Microservices are said to come with a microservice premium, which is the increased cost of developing a system as a set of microservices compared to a monolith.
While monolithic architecture is recommended as the starting point for new projects, monolithic architectures can be broken down into microservices as the application grows and the system’s complexity increases. Microservices can be a good choice for large-scale applications with multiple teams working on different parts of the system and when parts of the system have varying scalability needs.
Event-Driven Architecture
When designing microservice architectures, one of the questions is how to communicate between services. Services can, in principle, communicate directly with each other. This can, however, lead to tight coupling, making the system harder to maintain and scale.
Event-driven architecture is a design pattern focusing on producing and consuming events, providing a means for communicating between services without requiring services to be aware of each other. In other words, in an event-driven architecture, components responsible for creating events and components responsible for handling events are decoupled, and a mechanism is used for passing messages between the decoupled parts.
One way to implement an event-driven architecture in a web application is the use of the publish-subscribe pattern. Publish-subscribe is a messaging pattern that has three types of actors: message producers, message brokers, and message consumers. Producers create messages, which they send to brokers. Brokers receive messages and send them to consumers, decoupling producers and consumers so that they are not aware of each other.
The three types of actors are shown in Figure 4 below, which illustates a system that has two event consumers, one of which writes to a database and the other logs activity.
Event-driven architecture is present in a wide variety of applications. For example, in user interfaces, events such as pressing a button are typically decoupled from the functionality that processes the button press. This can be implemented using event or action listeners, which are used to register functionality that should be executed in response to events.

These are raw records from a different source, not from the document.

(* There exist almost discrete Fréchet–Urysohn (Tychonoff) spaces $X$ and $Y$ such that $X\times Y$ is not a weakly Grothendieck space. (For instance, $X$ the countable sequential fan $S_\omega$ and $Y$ the sequential fan $S_{\mathfrak{c}}$ with $2^\omega$ many spines.)
   Context: A space is almost discrete if it has exactly one non-isolated point. $S_\kappa$ denotes the quotient of the disjoint sum of $\kappa$ convergent sequences (with their limits) obtained by identifying all the limit points to one point. $C_p(X)$ is the space of continuous real-valued functions on $X$ with the pointwise convergence topology. A space $Z$ is a $g$-space if every subset $A\subseteq Z$ such that every infinite subset of $A$ has an accumulation point in $Z$ has compact closure in $Z$; $X$ is weakly Grothendieck if $C_p(X)$ is a $g$-space. *)

From HB Require Import structures.
From mathcomp Require Import all_boot all_order all_algebra.
From mathcomp Require Import all_classical all_reals all_analysis.
Set Implicit Arguments. Unset Strict Implicit. Unset Printing Implicit Defensive.
Import Order.TTheory GRing.Theory Num.Theory numFieldTopology.Exports numFieldNormedType.Exports.
Local Open Scope classical_set_scope.
Local Open Scope ring_scope.

Definition isolated_point {X : topologicalType} (x : X) : Prop := nbhs x [set x].

Definition almost_discrete (X : topologicalType) : Prop :=
  exists x : X, ~ isolated_point x /\ forall y : X, y <> x -> isolated_point y.

Definition frechet_urysohn (X : topologicalType) : Prop :=
  forall (A : set X) (x : X), closure A x ->
    exists u : nat -> X, (forall n, A (u n)) /\ (u @ \oo --> x).

Definition tychonoff_space (R : realType) (X : topologicalType) : Prop :=
  accessible_space X /\
  forall (B : set X) (x : X), closed B -> ~ B x ->
    exists f : X -> R, continuous f /\ f x = 0 /\ (forall b, B b -> f b = 1).

Definition Cp (R : realType) (X : topologicalType) : set {ptws X -> R} :=
  [set f | continuous (f : X -> R)].
(* Let $\mathbb{H}$ be a real Hilbert space (of dimension at least $2$) and $\mathbb{Y}$ a two-dimensional smooth and strictly convex real Banach space. Let $T\in\mathbb{L}(\mathbb{H},\mathbb{Y})$ be of rank one with $\|T\|=1$. Then $M_T=\{\pm x\}$ for some $x\in S_{\mathbb{H}}$. Moreover, $T$ is an extreme contraction if and only if $(x,Tx)$ is not a CPP.
   Context: $M_T=\{x\in S_{\mathbb{H}}:\|Tx\|=\|T\|\}$. A norm one $T$ is an extreme contraction if it is an extreme point of the closed unit ball of $\mathbb{L}(\mathbb{H},\mathbb{Y})$. $B(x,r)=\{u:\|u-x\|<r\}$. $x\perp_B y$ means $\|x+\lambda y\|\ge\|x\|$ for all real $\lambda$; $x^\perp=\{y:x\perp_By\}$. For $x\in S_{\mathbb{H}}$, $y\in S_{\mathbb{Y}}$, $(x,y)$ is a CPP if there exist $r>0,\mu>0$ such that for all $z\in x^\perp\cap S_{\mathbb{H}}$, all $w\in y^\perp\cap S_{\mathbb{Y}}$ and all $a,b\in\mathbb{R}$, $ax+bz\in B(x,r)\cap S_{\mathbb{H}}$ implies $\|ay+b\mu w\|\le1$. *)

From HB Require Import structures.
From mathcomp Require Import all_boot all_order all_algebra.
From mathcomp Require Import all_classical all_reals all_analysis.
Set Implicit Arguments. Unset Strict Implicit. Unset Printing Implicit Defensive.
Import Order.TTheory GRing.Theory Num.Theory.
Import numFieldNormedType.Exports.
Local Open Scope classical_set_scope.
Local Open Scope ring_scope.

Section Defs.
Variable R : realType.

Event-driven architectures and the publish-subscribe pattern provide the possibility of scaling producers, brokers, and consumers separately. For example, if producing a message is resource-intensive, one could create a large number of producers, each sending out messages when ready. Similarly, if a broker is under heavy load, additional brokers can be created, each responsible for specific types of events. Finally, if there are plenty of messages to be consumed, the number of consumers per consumer type can be scaled to match the demand.

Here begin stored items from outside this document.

Lemma exists_other_mem (T : finType) (X : {set T}) x :
  #|X| != 1 -> x \in X -> exists2 y, y \in X & y != x.
Proof.
move=> X_neq1 xX; have [/existsP[y /andP[yX yx]]|/existsPn only_x] :=
  boolP [exists y in X, y != x]; first by exists y.
case/negP: X_neq1; apply/cards1P; exists x; apply/setP => y; rewrite in_set1.
by apply/idP/eqP => [yX|->//]; have := only_x y; rewrite yX negbK => /eqP.
Qed.

Lemma cards3_uniq (T : finType) (x y z : T) :
  uniq [:: x; y; z] -> #|[set x; y; z]| = 3.
Proof.
rewrite /= !inE !negb_or => /and3P[/andP[xy xz] yz _].
by rewrite -setUA !cardsU1 cards1 !inE !negb_or xy xz yz.
Qed.

Section Family.

Variables (n : nat) (A : {set {set 'I_n}}).
Hypotheses (A4 : vertex_set A) (A_indep : independent_G41 A).

Lemma size_le4_member v (s : seq 'I_n) :
  v \in A -> uniq s -> {subset s <= v} -> size s <= 4.
Proof.
move=> vA us sv; rewrite -(A4 vA) cardE; apply: uniq_leq_size => // e /sv.
by rewrite mem_enum.
Qed.

Lemma five_sub_member_false v (s : seq 'I_n) :
  v \in A -> uniq s -> {subset s <= v} -> size s = 5 -> False.
Proof. by move=> vA us sv s5; have := size_le4_member vA us sv; rewrite s5. Qed.

Lemma mem_of_sub4_member v (s : seq 'I_n) e : v \in A -> uniq s -> size s = 4 ->
  {subset s <= v} -> e \in v -> e \in s.
Proof.
move=> vA us s4 sv ev; apply/negPn/negP => es.
apply: (five_sub_member_false (s := e :: s) vA); rewrite /= ?es ?s4 //.
by move=> z; rewrite inE => /predU1P[->|/sv].
Qed.

Lemma member_eq_of_sub4 u v (s : seq 'I_n) : u \in A -> v \in A ->
  uniq s -> size s = 4 -> {subset s <= u} -> {subset s <= v} -> u = v.
Proof.
move=> uA vA us s4 su sv; apply/setP => e.
apply/idP/idP => [/(mem_of_sub4_member uA us s4 su)/sv //|].
by move/(mem_of_sub4_member vA us s4 sv)/su.
Qed.

Lemma meet_other u v x : u \in A -> v \in A -> x \in u -> x \in v ->
  exists y, [/\ y \in u, y \in v & y != x].
Proof.
move=> uA vA xu xv; have xuv : x \in u :&: v by rewrite inE xu xv.
have [y] := exists_other_mem (A_indep uA vA) xuv.
by rewrite inE => /andP[yu yv] yx; exists y.
Qed.

Definition star x := [set s in A | x \in s].
Definition twin x y := (y != x) && (star x == star y).
Definition twinless x := [forall y, ~~ twin x y].
Definition paired x := #|[set y | twin x y]| == 1.
Definition mate x := odflt x [pick y | twin x y].

Lemma twin_sym x y : twin x y = twin y x.
Proof. by rewrite /twin eq_sym [star x == _]eq_sym. Qed.

Lemma twin_neq x y : twin x y -> y != x.
Proof. by case/andP. Qed.

Lemma twin_mem x y s : twin x y -> s \in A -> (x \in s) = (y \in s).
Proof.
case/andP=> _ /eqP star_xy sA.
have : (s \in star x) = (s \in star y) by rewrite star_xy.
by rewrite !inE sA.
Qed.

Lemma twin_trans x y z : twin x y -> twin y z -> z != x -> twin x z.
Proof. by rewrite /twin => /andP[_ /eqP->] /andP[_ /eqP->] ->; rewrite eqxx. Qed.

Lemma twinless_star x y : twinless x -> y != x -> star x != star y.
Proof. by move=> /forallP /(_ y); rewrite /twin negb_and negbK => /orP[->|]. Qed.

Lemma twin_mate x : paired x -> twin x (mate x).
Proof.
case/cards1P=> y twins_x; rewrite /mate; case: pickP => [//|no_twin].
by have := set11 y; rewrite -twins_x inE no_twin.
Qed.

Lemma mate_uniq x y : paired x -> twin x y -> y = mate x.
Proof.
move=> px xy; have xmx := twin_mate px; case/cards1P: px => z twins_x.
have := set11 z; rewrite -twins_x.
by move: xy xmx; rewrite -!(in_set (twin x)) twins_x !in_set1 => /eqP-> /eqP->.
Qed.

Lemma mate_neq x : paired x -> mate x != x.
Proof. by move/twin_mate/twin_neq. Qed.

Lemma mem_mate x s : paired x -> s \in A -> x \in s -> mate x \in s.
Proof. by move=> px sA xs; rewrite -(twin_mem (twin_mate px) sA). Qed.

Lemma paired_mate x : paired x -> paired (mate x).
Proof.
move=> px; have xmx := twin_mate px; apply/cards1P; exists x.
apply/setP => y; rewrite in_set1 inE; apply/idP/eqP => [mxy|->]; last first.
  by rewrite twin_sym.
apply/eqP; apply: contraT => yx.
have yE := mate_uniq px (twin_trans xmx mxy yx).
by move: mxy; rewrite -yE /twin eqxx.
Qed.

Lemma twinless_npaired x : twinless x -> ~~ paired x.
Proof.
move=> /forallP x_tl; rewrite /paired; suff -> : [set y | twin x y] = set0.
  by rewrite cards0.
by apply/setP => y; rewrite !inE (negbTE (x_tl y)).
Qed.

Lemma twinless_neq_paired a x : twinless a -> paired x -> a != x.
Proof. by move=> ta; apply: contraTneq => <-; exact: twinless_npaired. Qed.

Lemma mates_disjoint x y : paired x -> paired y -> y != x -> y != mate x ->
  mate y != x /\ mate y != mate x.
Proof.
move=> px py yx ymx; split; apply: contra ymx => /eqP my; apply/eqP.
  by apply: mate_uniq px _; rewrite twin_sym -my twin_mate.
apply: mate_uniq px (twin_trans (twin_mate px) _ yx).
by rewrite -my twin_sym twin_mate.
Qed.

Lemma uniq_mates x y : paired x -> paired y -> y != x -> y != mate x ->
  uniq [:: x; mate x; y; mate y].
Proof.
move=> px py yx ymx; have [myx mymx] := mates_disjoint px py yx ymx.
rewrite /= !inE !negb_or (eq_sym x (mate x)) (eq_sym x y) (eq_sym x (mate y)).
by rewrite (eq_sym (mate x) y) (eq_sym (mate x) (mate y)) yx myx ymx mymx
  (eq_sym y) !mate_neq.
Qed.

Lemma uniq_twinless_mates c x y : twinless c -> paired x -> paired y ->
  y != x -> y != mate x -> uniq [:: c; x; mate x; y; mate y].
Proof.
move=> tc px py yx ymx; rewrite cons_uniq uniq_mates // andbT !inE !negb_or.
by rewrite !(twinless_neq_paired tc) ?paired_mate.
Qed.

Lemma uniq_twinless2_mates a b x : twinless a -> twinless b -> a != b -> paired x ->
  uniq [:: a; b; x; mate x].
Proof.
move=> ta tb ab px; rewrite /= !inE !negb_or ab (eq_sym x (mate x)) mate_neq //.
by rewrite !(twinless_neq_paired ta) ?(twinless_neq_paired tb) ?paired_mate.
Qed.

Definition separator x y := odflt set0 [pick w in A | (x \in w) != (y \in w)].

Lemma card_separator x y : #|separator x y| <= 4.
Proof.
by rewrite /separator; case: pickP => [w /andP[/A4->]|_] //=; rewrite cards0.
Qed.

(* [separator x y] meets [s] in [x] or [y], hence in a second point. *)
Lemma separator_meet x y s : x != y -> star x != star y ->
  s \in A -> x \in s -> y \in s ->
  exists u, [/\ u \in s, u \in separator x y, u != x & u != y].
Proof.
move=> xy star_xy sA xs ys; rewrite /separator; case: pickP => /= [w|no_sep].
  case/andP=> wA; case xw: (x \in w); case yw: (y \in w) => // _.
    have [u [us uw ux]] := meet_other sA wA xs xw.
    by exists u; split=> //; apply: contraTneq uw => ->; rewrite yw.
  have [u [us uw uy]] := meet_other sA wA ys yw.
  by exists u; split=> //; apply: contraTneq uw => ->; rewrite xw.
case/eqP: star_xy; apply/setP => w; rewrite !inE.
by have := no_sep w; case: (w \in A) => //= /negbFE/eqP->.
Qed.

Definition codeg (T : {set 'I_n}) := #|[set s in A | T \subset s]|.

Lemma member_setU1 (T : {set 'I_n}) s p : #|T| = 3 -> s \in A ->
  T \subset s -> p \in s -> p \notin T -> s = p |: T.
Proof.
move=> T3 sA Ts ps pT; apply/eqP; rewrite eq_sym eqEcard cardsU1 pT T3 A4 //.
by rewrite subUset sub1set ps Ts.
Qed.

Lemma member_out3 (T : {set 'I_n}) s : #|T| = 3 -> s \in A ->
  exists2 p, p \in s & p \notin T.
Proof.
move=> T3 sA; have : 0 < #|s :\: T|.
  rewrite cardsD A4 // subn_gt0 ltnS -T3; exact/subset_leq_card/subsetIr.
by case/card_gt0P => p; rewrite inE => /andP[pT ps]; exists p.
Qed.

(* The members through a triple [T] are the [p |: T], so more than four of them
   cannot all take their fourth point [p] in a set of size four. *)
Lemma petal_avoiding (T W : {set 'I_n}) : #|T| = 3 -> 4 < codeg T -> #|W| <= 4 ->
  exists s p, [/\ s \in A, T \subset s, p \in s, p \notin T & p \notin W].
Proof.
move=> T3 big W4.
have [/existsP[s /existsP[p /and5P[]]]|/existsPn no_petal] := boolP
  [exists s, [exists p, [&& s \in A, T \subset s, p \in s, p \notin T & p \notin W]]].
  by exists s, p.
suff : codeg T <= 4 by rewrite leqNgt big.
apply: leq_trans W4; apply: leq_trans (leq_imset_card (fun p => p |: T) W).
apply: subset_leq_card; apply/subsetP => s; rewrite inE => /andP[sA Ts].
have [p ps pT] := member_out3 T3 sA.
have pW : p \in W.
  by move/existsPn: (no_petal s) => /(_ p); rewrite sA Ts ps pT negbK.
by apply/imsetP; exists p => //; apply: member_setU1.
Qed.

At the core of the publish-subscribe pattern is asynchronous processing of information. Messages are created by producers, which send the messages to brokers. Brokers receive the messages and pass them forward to the consumers. This asynchronous processing is often enabled by message queues.

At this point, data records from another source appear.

Lemma cox_open_act (C : fieldType) (t x : 'I_m -> C) :
  quasitorus V t -> cox_open V x -> cox_open V (act t x).
Proof.
move=> [t_neq0 _] [S [SV xS]]; exists S; split => // k /eqP.
by rewrite mulf_eq0 (negbTE (t_neq0 k)) => /eqP /xS.
Qed.

Lemma in_cone0 v : in_cone V set0 v <-> forall i, v i = 0.
Proof.
split=> [[c [_ [c0 cv]]] i | v0].
  by rewrite cv big1 // => k _; rewrite c0 ?inE // mul0r.
exists (fun _ => 0); split=> //; split=> // i.
by rewrite v0 big1 // => k _; rewrite mul0r.
Qed.

Lemma in_cone1 k v :
  in_cone V [set k] v <-> exists2 r, 0 <= r & forall i, v i = r * vcol V k i.
Proof.
split=> [[c [c_ge0 [c_out cv]]] | [r r_ge0 vr]].
  exists (c k) => // i; rewrite cv (bigD1 k) //= big1 ?addr0 // => j jk.
  by rewrite c_out ?mul0r // inE.
exists (fun j => if j == k then r else 0); do !split.
- by move=> j; case: eqP.
- by move=> j; rewrite inE => /negPf ->.
- by move=> i; rewrite vr (bigD1 k) //= eqxx big1 ?addr0 // => j /negPf ->; rewrite mul0r.
Qed.

Lemma face_set1 (u : 'I_n -> int) j :
  (exists i, u i != 0) -> (forall k, k != j -> chi_exp u k < chi_exp u j) ->
  face_set V [set j].
Proof.
move=> [i ui_neq0] u_max; exists (fun i => (u i)%:~R); split.
  by exists i; rewrite intr_eq0.
move=> k; rewrite inE; split=> [/eqP -> l | k_max].
  by rewrite !dotq_vcol ler_int; have [->//|lj] := eqVneq l j; exact/ltW/u_max.
by apply: contraT => kj; have := k_max j; rewrite !dotq_vcol ler_int leNgt u_max.
Qed.

Definition origin_interior : Prop :=
  forall u : 'I_n -> rat, (forall k, dotq u (vcol V k) <= 0) -> forall i, u i = 0.

Lemma face_set_max S : origin_interior -> face_set V S ->
  exists u, forall k, k \in S ->
    0 < dotq u (vcol V k) /\ forall j, dotq u (vcol V j) <= dotq u (vcol V k).
Proof.
move=> V0 [u [[i ui_neq0] u_max]]; exists u => k /u_max k_max; split => //.
rewrite ltNge; apply/negP => k_le0.
by move/eqP: ui_neq0; apply; apply: V0 => j; apply: le_trans (k_max j) k_le0.
Qed.

End Toric.
(* Let $m$ be a positive integer, $\tau=\sigma/m$, and consider the explicit Euler scheme $$S^{n+1} = S^n - \tau\, S^n\circ T^{n-m} - c\tau S^n,\qquad I^{n+1} = I^n + \tau\, S^n\circ T^{n-m} - b\tau I^n,\qquad R^{n+1} = R^n + b\tau I^n + c\tau S^n,$$ for $0\le n\le m\mathcal{T}/\sigma$, where for $-m\le n\le 0$ the matrices $S^n,I^n,R^n$ are the history functions evaluated on the grids $\mathcal{G}$ and $\mathcal{G}_t$. Suppose the discretized history values satisfy $D_1$–$D_4$. Then $D_2$ holds for the scheme without any restriction on $\tau$. Furthermore, if $$\tau=\frac{\sigma}{m}\le \min\left\{\frac{1}{\bar T + c},\ \frac{1}{b}\right\},\qquad \bar T=\max_{(x_k,y_l)\in\mathcal{G}} M\sum_{i=1}^p w_i\,W(x_k+\eta_i,y_l+\xi_i),$$ $$M=\max_{(x_k,y_l)\in\mathcal{G}}\{S(0,x_k,y_l)+I(0,x_k,y_l)+R(0,x_k,y_l)\},$$ then $D_1$, $D_3$ and $D_4$ also hold up to step $n\le m\mathcal{T}/\sigma$.
   Context: $\Omega=(0,A)\times(0,B)$; spatial grid $\mathcal{G}=\{(x_k,y_l): x_k=(k-1)h_x,\ y_l=(l-1)h_y,\ 1\le k\le K,\ 1\le l\le L\}$ with $(K-1)h_x=A$, $(L-1)h_y=B$. Time grid $\mathcal{G}_t=\{t_n=n\sigma/m:\ -m\le n\le m\mathcal{T}/\sigma\}$. Constants $b,c,\sigma,\delta,\mathcal{T}>0$. $W\ge0$ is continuous and bounded. Cubature points $(x+\eta_i,y+\xi_i)$ in the open disc of radius $\delta$ around $(x,y)$, $i=1,\dots,p$, with weights $w_i>0$. For $X\in\{S,I,R\}$, $X^n$ is the $K\times L$ matrix whose $(k,l)$ entry approximates the value at $(x_k,y_l)$ and time $t_n$; $\circ$ is the entrywise (Hadamard) product. $T^{n-m}$ is the matrix with entries $T^{n-m}_{k,l}=\sum_{i=1}^p w_i W(x_k+\eta_i,y_l+\xi_i)\,\hat I^{n-m}(x_k+\eta_i,y_l+\xi_i)$, where $\hat I^{n-m}$ is obtained from the entries of $I^{n-m}$ (taken as zero outside $\Omega$) by a fixed interpolation which, for non-negative grid data, produces values between $0$ and the maximum of the grid data. Discrete properties: $D_1$: all entries of $S^n,I^n,R^n$ are non-negative; $D_2$: $S^n_{k,l}+I^n_{k,l}+R^n_{k,l}$ is independent of $n$ for every $(k,l)$; $D_3$: $S^{n+1}_{k,l}\le S^n_{k,l}$; $D_4$: $R^{n+1}_{k,l}\ge R^n_{k,l}$. *)

From HB Require Import structures.
From mathcomp Require Import all_boot all_order all_algebra.
From mathcomp Require Import reals topology normedtype.
Set Implicit Arguments. Unset Strict Implicit. Unset Printing Implicit Defensive.
Import Order.TTheory GRing.Theory Num.Theory.
Local Open Scope ring_scope.

Section Defs.
Variable R : realType.

(* Grid points, 0-based: x_k = k * hx  (paper: x_k = (k-1) h_x, 1 <= k <= K). *)
Definition gx (hx : R) (K : nat) (k : 'I_K) : R := (k : nat)%:R * hx.
Definition gy (hy : R) (L : nat) (l : 'I_L) : R := (l : nat)%:R * hy.

Definition Tmat (K L p : nat) (hx hy : R) (w eta xi : 'I_p -> R)
  (W : R -> R -> R) (interp : ('I_K -> 'I_L -> R) -> R -> R -> R)
  (Id : 'I_K -> 'I_L -> R) (k : 'I_K) (l : 'I_L) : R :=
  \sum_(i < p) w i * W (gx hx k + eta i) (gy hy l + xi i)
               * interp Id (gx hx k + eta i) (gy hy l + xi i).

(* Maximum of grid data (all data considered here are >= 0; default 0). *)
Definition gridmax (K L : nat) (f : 'I_K -> 'I_L -> R) : R :=
  \big[Num.max/0]_(k < K) \big[Num.max/0]_(l < L) f k l.

Definition Mmax (K L : nat) (hx hy : R) (S0 I0 R0 : R -> R -> R -> R) : R :=
  gridmax (fun (k : 'I_K) (l : 'I_L) =>
    S0 0 (gx hx k) (gy hy l) + I0 0 (gx hx k) (gy hy l) + R0 0 (gx hx k) (gy hy l)).

Definition Tbar (K L p : nat) (hx hy : R) (w eta xi : 'I_p -> R)
  (W : R -> R -> R) (M : R) : R :=
  gridmax (fun (k : 'I_K) (l : 'I_L) =>
    M * \sum_(i < p) w i * W (gx hx k + eta i) (gy hy l + xi i)).

(* Admissible time indices: -m <= n and n-1 <= m T / sigma
   (history indices -m..0 and computed indices up to the last scheme step). *)
Definition valid_idx (m : nat) (sigma Tf : R) (n : int) : Prop :=
  (- (m%:Z) <= n)%R /\ (n - 1)%:~R <= m%:R * Tf / sigma.

(* Indices n at which a time step n -> n+1 is taken (history or scheme). *)
Definition step_idx (m : nat) (sigma Tf : R) (n : int) : Prop :=
  (- (m%:Z) <= n)%R /\ n%:~R <= m%:R * Tf / sigma.

End Defs.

Message queues are services used for temporarily storing messages. They provide mechanisms to add messages to the queue and to retrieve messages from the queue.
Message queues can be used by brokers in the publish-subscribe pattern. In such cases, incoming messages from producers are temporarily stored in a message queue, which the broker processes by sending messages from the queue to the consumers.
Message queues enhance fault tolerance and scalability. Since messages are stored in the queue until they are retrieved, the failure of consumers does not lead to lost messages. In the event of a consumer failure, messages remain in the queue until the consumer can process them again. Similarly, during high load periods where producers generate more messages than consumers can handle, messages can accumulate in the queue and be processed when consumers have sufficient resources.
However, debugging and tracing errors in an event-driven architecture can be challenging due to the system’s asynchronous nature. As messages are passed between components, it can be difficult to follow the message flow. Ensuring data consistency is also more complex, as messages are handled asynchronously.